Exercise directions —
Look through the data below for the line with "move=> mN; have" and the line with "(* Let $m\ge0$", then output those two and all lines in between, exactly as written.
________________________
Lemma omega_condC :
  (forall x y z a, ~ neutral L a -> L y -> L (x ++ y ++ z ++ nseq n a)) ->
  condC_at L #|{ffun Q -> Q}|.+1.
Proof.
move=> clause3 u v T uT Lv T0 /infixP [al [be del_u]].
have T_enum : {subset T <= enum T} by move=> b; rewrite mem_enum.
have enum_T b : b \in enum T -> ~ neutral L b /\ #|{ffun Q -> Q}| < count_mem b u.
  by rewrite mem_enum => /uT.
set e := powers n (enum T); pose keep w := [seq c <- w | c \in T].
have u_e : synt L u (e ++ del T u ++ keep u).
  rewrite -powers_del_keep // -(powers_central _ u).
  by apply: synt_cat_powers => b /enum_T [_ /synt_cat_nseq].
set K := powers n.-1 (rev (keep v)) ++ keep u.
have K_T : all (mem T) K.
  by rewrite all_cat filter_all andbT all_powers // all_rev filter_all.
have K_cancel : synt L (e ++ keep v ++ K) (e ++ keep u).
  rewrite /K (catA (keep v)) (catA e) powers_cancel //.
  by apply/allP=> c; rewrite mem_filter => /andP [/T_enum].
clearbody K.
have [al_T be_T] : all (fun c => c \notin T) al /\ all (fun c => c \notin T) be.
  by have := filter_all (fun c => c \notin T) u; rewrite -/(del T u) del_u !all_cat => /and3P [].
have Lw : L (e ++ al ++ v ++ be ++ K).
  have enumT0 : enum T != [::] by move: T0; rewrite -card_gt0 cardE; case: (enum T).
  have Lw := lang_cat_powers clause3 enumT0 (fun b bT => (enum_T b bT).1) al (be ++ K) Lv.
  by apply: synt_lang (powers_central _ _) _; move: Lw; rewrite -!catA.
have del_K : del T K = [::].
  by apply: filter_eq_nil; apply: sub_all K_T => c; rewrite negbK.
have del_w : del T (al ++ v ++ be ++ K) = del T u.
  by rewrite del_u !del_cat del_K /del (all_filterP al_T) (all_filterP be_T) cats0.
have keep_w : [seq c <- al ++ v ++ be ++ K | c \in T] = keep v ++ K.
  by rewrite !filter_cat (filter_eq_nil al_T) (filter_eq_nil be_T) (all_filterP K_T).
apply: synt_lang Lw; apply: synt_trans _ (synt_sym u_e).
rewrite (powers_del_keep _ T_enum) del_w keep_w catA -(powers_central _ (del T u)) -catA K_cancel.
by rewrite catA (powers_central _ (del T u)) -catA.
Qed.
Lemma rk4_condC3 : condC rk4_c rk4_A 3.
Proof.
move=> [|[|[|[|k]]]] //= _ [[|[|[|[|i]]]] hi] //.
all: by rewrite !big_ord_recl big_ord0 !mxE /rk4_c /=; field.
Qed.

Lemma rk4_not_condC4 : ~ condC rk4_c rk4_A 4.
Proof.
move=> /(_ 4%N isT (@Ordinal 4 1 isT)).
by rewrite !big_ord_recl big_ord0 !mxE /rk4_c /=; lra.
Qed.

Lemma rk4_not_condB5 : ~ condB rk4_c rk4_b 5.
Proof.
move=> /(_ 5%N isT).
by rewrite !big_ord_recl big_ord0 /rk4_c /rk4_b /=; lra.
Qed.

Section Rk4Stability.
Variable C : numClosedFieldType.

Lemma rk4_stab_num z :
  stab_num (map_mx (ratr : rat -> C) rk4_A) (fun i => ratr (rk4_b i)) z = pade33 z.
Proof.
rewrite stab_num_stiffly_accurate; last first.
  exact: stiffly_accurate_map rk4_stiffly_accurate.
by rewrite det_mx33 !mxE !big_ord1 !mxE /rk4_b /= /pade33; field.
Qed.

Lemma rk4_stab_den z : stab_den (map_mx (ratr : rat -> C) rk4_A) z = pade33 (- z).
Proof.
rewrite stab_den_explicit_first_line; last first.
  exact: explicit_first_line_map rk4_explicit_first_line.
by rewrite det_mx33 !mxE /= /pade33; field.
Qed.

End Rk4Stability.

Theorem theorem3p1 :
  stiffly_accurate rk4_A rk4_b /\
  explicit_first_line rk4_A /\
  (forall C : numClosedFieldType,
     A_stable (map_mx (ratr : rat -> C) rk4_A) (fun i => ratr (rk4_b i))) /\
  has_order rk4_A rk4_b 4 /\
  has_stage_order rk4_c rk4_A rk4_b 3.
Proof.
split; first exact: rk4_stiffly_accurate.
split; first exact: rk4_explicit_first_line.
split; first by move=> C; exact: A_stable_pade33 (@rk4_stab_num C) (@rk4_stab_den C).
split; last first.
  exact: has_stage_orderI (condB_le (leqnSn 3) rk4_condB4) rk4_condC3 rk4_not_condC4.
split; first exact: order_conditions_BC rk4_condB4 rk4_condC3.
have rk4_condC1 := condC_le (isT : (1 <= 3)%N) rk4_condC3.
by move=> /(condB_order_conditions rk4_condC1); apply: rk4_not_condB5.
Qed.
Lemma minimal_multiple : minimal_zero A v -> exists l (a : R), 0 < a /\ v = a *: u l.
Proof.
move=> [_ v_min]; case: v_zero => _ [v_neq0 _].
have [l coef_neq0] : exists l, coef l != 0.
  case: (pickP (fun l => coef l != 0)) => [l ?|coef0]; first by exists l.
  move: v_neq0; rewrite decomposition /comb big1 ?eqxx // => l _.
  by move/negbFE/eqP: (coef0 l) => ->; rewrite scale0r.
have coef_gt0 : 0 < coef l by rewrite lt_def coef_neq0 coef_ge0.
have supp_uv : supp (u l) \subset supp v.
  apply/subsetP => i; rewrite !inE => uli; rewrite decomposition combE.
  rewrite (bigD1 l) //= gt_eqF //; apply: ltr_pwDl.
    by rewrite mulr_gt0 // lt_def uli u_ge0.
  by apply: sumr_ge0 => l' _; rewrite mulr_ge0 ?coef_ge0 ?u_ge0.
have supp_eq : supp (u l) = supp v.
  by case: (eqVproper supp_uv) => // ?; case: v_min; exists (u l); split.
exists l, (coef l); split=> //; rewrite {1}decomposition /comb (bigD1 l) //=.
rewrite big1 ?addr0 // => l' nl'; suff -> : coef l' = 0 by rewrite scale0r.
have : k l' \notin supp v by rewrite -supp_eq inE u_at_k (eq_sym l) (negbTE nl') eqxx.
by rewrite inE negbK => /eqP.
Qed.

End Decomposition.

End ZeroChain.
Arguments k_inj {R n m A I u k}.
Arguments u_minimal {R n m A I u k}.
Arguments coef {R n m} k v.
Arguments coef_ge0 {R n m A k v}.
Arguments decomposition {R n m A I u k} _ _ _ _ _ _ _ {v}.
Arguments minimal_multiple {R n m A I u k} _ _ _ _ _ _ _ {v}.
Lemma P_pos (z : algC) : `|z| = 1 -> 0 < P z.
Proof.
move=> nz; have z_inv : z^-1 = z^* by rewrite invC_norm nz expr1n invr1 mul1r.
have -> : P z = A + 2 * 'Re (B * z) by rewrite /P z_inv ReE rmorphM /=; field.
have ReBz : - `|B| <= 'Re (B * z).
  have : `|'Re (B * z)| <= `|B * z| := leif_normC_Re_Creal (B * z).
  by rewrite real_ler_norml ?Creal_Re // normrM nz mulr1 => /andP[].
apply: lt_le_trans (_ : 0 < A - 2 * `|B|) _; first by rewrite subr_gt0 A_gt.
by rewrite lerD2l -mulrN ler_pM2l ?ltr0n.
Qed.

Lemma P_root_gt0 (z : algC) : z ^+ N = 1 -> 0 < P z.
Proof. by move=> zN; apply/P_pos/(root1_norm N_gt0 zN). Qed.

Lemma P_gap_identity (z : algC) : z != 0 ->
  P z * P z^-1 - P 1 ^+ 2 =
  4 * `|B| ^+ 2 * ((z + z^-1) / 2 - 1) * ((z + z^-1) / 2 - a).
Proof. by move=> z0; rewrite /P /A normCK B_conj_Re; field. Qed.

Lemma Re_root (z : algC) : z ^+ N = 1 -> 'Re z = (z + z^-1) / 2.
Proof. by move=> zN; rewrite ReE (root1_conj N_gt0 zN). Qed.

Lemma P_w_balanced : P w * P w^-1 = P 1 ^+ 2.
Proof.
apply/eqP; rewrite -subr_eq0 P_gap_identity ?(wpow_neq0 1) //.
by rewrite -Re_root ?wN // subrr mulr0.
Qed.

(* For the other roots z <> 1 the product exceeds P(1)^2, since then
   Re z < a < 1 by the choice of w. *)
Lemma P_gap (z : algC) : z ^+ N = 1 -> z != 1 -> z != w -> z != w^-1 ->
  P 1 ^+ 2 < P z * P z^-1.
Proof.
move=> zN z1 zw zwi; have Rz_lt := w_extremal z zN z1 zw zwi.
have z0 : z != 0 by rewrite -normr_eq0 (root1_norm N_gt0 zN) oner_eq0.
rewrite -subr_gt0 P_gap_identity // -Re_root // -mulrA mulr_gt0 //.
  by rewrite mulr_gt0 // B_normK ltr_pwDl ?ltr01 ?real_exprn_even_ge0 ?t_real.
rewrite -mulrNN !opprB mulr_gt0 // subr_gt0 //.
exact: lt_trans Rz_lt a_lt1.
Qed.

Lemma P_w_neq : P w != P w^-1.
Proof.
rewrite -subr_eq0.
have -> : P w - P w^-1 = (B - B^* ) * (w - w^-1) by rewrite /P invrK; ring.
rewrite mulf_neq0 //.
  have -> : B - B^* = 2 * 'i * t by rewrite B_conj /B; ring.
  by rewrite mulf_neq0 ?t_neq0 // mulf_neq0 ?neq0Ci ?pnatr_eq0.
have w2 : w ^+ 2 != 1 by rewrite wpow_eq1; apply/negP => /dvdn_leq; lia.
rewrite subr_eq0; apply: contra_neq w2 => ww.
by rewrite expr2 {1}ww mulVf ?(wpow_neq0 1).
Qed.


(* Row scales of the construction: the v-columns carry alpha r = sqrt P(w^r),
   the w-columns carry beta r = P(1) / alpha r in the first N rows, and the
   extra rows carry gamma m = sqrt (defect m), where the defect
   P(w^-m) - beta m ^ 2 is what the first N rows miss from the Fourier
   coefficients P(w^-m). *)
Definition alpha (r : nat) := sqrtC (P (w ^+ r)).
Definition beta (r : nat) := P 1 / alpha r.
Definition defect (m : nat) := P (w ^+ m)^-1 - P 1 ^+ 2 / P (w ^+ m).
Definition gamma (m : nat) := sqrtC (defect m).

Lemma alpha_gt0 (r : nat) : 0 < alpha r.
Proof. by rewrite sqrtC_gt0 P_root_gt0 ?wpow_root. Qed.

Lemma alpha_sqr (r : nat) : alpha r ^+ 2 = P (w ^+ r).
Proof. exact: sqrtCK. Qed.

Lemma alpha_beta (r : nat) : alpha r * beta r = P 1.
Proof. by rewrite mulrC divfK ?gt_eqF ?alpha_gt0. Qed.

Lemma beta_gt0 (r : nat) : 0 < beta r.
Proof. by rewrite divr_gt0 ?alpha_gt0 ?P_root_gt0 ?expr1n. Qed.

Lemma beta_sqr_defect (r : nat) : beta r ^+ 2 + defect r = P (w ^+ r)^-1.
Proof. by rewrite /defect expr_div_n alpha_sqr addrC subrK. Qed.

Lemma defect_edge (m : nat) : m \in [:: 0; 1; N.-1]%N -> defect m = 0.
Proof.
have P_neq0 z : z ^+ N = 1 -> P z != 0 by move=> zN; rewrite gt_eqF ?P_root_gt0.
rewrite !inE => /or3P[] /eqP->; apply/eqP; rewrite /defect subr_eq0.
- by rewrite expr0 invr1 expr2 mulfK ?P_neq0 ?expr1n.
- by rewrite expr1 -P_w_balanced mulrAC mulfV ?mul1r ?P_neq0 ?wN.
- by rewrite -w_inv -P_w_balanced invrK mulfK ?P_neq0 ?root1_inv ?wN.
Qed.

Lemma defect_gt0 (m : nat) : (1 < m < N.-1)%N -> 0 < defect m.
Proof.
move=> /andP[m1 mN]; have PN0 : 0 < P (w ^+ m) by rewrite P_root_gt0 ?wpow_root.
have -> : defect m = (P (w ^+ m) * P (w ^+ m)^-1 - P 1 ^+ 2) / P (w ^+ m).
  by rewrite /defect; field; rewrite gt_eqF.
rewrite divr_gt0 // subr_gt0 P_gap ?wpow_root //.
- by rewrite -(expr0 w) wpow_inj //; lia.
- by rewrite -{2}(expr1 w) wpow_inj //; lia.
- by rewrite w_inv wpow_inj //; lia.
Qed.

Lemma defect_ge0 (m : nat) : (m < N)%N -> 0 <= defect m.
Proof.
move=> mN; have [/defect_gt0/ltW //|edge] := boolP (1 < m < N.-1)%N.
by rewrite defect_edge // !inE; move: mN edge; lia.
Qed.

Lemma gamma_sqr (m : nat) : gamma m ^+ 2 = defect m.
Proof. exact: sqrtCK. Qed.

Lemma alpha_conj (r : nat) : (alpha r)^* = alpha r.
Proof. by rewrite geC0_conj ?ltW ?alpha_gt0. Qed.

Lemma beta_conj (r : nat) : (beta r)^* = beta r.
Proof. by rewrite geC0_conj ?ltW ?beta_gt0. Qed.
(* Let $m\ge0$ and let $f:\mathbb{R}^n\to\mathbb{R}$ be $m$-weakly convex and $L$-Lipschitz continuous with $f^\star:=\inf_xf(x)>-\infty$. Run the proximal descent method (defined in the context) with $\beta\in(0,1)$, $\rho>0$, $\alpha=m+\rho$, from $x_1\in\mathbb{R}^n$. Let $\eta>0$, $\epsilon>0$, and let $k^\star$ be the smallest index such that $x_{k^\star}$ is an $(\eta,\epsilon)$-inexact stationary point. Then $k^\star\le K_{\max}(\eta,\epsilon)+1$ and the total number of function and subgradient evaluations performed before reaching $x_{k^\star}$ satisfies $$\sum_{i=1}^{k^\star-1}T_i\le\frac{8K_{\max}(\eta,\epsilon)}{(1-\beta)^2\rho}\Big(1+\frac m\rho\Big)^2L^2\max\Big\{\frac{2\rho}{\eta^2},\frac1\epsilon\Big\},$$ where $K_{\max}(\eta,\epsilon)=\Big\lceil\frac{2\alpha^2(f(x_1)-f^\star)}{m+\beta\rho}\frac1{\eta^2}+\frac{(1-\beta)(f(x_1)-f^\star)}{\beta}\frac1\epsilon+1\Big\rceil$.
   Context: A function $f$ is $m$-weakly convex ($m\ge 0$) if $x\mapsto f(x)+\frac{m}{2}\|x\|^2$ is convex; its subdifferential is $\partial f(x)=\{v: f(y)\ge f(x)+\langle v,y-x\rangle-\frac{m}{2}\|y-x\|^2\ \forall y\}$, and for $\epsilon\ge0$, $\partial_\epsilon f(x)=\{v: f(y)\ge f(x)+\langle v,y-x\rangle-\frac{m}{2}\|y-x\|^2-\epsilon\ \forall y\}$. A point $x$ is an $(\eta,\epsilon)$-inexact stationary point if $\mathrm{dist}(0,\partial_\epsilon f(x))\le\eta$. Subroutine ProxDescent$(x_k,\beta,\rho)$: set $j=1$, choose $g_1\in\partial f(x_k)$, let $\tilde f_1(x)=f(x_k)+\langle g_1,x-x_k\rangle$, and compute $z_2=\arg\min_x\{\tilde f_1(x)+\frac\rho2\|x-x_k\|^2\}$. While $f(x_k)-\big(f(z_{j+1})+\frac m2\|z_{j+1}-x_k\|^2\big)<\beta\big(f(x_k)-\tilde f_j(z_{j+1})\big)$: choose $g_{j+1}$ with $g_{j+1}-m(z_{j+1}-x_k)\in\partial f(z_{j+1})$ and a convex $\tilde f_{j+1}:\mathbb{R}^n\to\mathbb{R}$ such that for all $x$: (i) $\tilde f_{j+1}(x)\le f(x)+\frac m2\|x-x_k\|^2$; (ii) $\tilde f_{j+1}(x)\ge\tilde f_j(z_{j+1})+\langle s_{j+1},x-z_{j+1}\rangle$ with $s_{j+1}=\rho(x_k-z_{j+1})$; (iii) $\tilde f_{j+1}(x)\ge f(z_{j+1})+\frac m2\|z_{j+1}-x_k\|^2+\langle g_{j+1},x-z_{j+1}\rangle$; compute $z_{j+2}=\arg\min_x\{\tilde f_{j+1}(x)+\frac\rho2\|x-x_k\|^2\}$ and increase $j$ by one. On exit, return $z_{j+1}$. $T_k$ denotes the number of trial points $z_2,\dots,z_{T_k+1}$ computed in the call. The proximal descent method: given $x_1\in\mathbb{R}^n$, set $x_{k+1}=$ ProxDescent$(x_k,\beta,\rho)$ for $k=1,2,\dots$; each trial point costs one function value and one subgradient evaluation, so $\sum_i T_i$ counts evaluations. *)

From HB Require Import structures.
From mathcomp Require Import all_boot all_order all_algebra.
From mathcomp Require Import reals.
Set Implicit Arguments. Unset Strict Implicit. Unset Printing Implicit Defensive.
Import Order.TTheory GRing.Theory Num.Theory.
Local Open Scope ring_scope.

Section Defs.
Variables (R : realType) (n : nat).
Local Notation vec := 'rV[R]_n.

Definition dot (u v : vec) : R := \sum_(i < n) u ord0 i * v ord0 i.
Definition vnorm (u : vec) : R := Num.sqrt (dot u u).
________________________
Task result —
move=> mN; have [/defect_gt0/ltW //|edge] := boolP (1 < m < N.-1)%N.
by rewrite defect_edge // !inE; move: mN edge; lia.
Qed.

Lemma gamma_sqr (m : nat) : gamma m ^+ 2 = defect m.
Proof. exact: sqrtCK. Qed.

Lemma alpha_conj (r : nat) : (alpha r)^* = alpha r.
Proof. by rewrite geC0_conj ?ltW ?alpha_gt0. Qed.

Lemma beta_conj (r : nat) : (beta r)^* = beta r.
Proof. by rewrite geC0_conj ?ltW ?beta_gt0. Qed.
(* Let $m\ge0$ and let $f:\mathbb{R}^n\to\mathbb{R}$ be $m$-weakly convex and $L$-Lipschitz continuous with $f^\star:=\inf_xf(x)>-\infty$. Run the proximal descent method (defined in the context) with $\beta\in(0,1)$, $\rho>0$, $\alpha=m+\rho$, from $x_1\in\mathbb{R}^n$. Let $\eta>0$, $\epsilon>0$, and let $k^\star$ be the smallest index such that $x_{k^\star}$ is an $(\eta,\epsilon)$-inexact stationary point. Then $k^\star\le K_{\max}(\eta,\epsilon)+1$ and the total number of function and subgradient evaluations performed before reaching $x_{k^\star}$ satisfies $$\sum_{i=1}^{k^\star-1}T_i\le\frac{8K_{\max}(\eta,\epsilon)}{(1-\beta)^2\rho}\Big(1+\frac m\rho\Big)^2L^2\max\Big\{\frac{2\rho}{\eta^2},\frac1\epsilon\Big\},$$ where $K_{\max}(\eta,\epsilon)=\Big\lceil\frac{2\alpha^2(f(x_1)-f^\star)}{m+\beta\rho}\frac1{\eta^2}+\frac{(1-\beta)(f(x_1)-f^\star)}{\beta}\frac1\epsilon+1\Big\rceil$.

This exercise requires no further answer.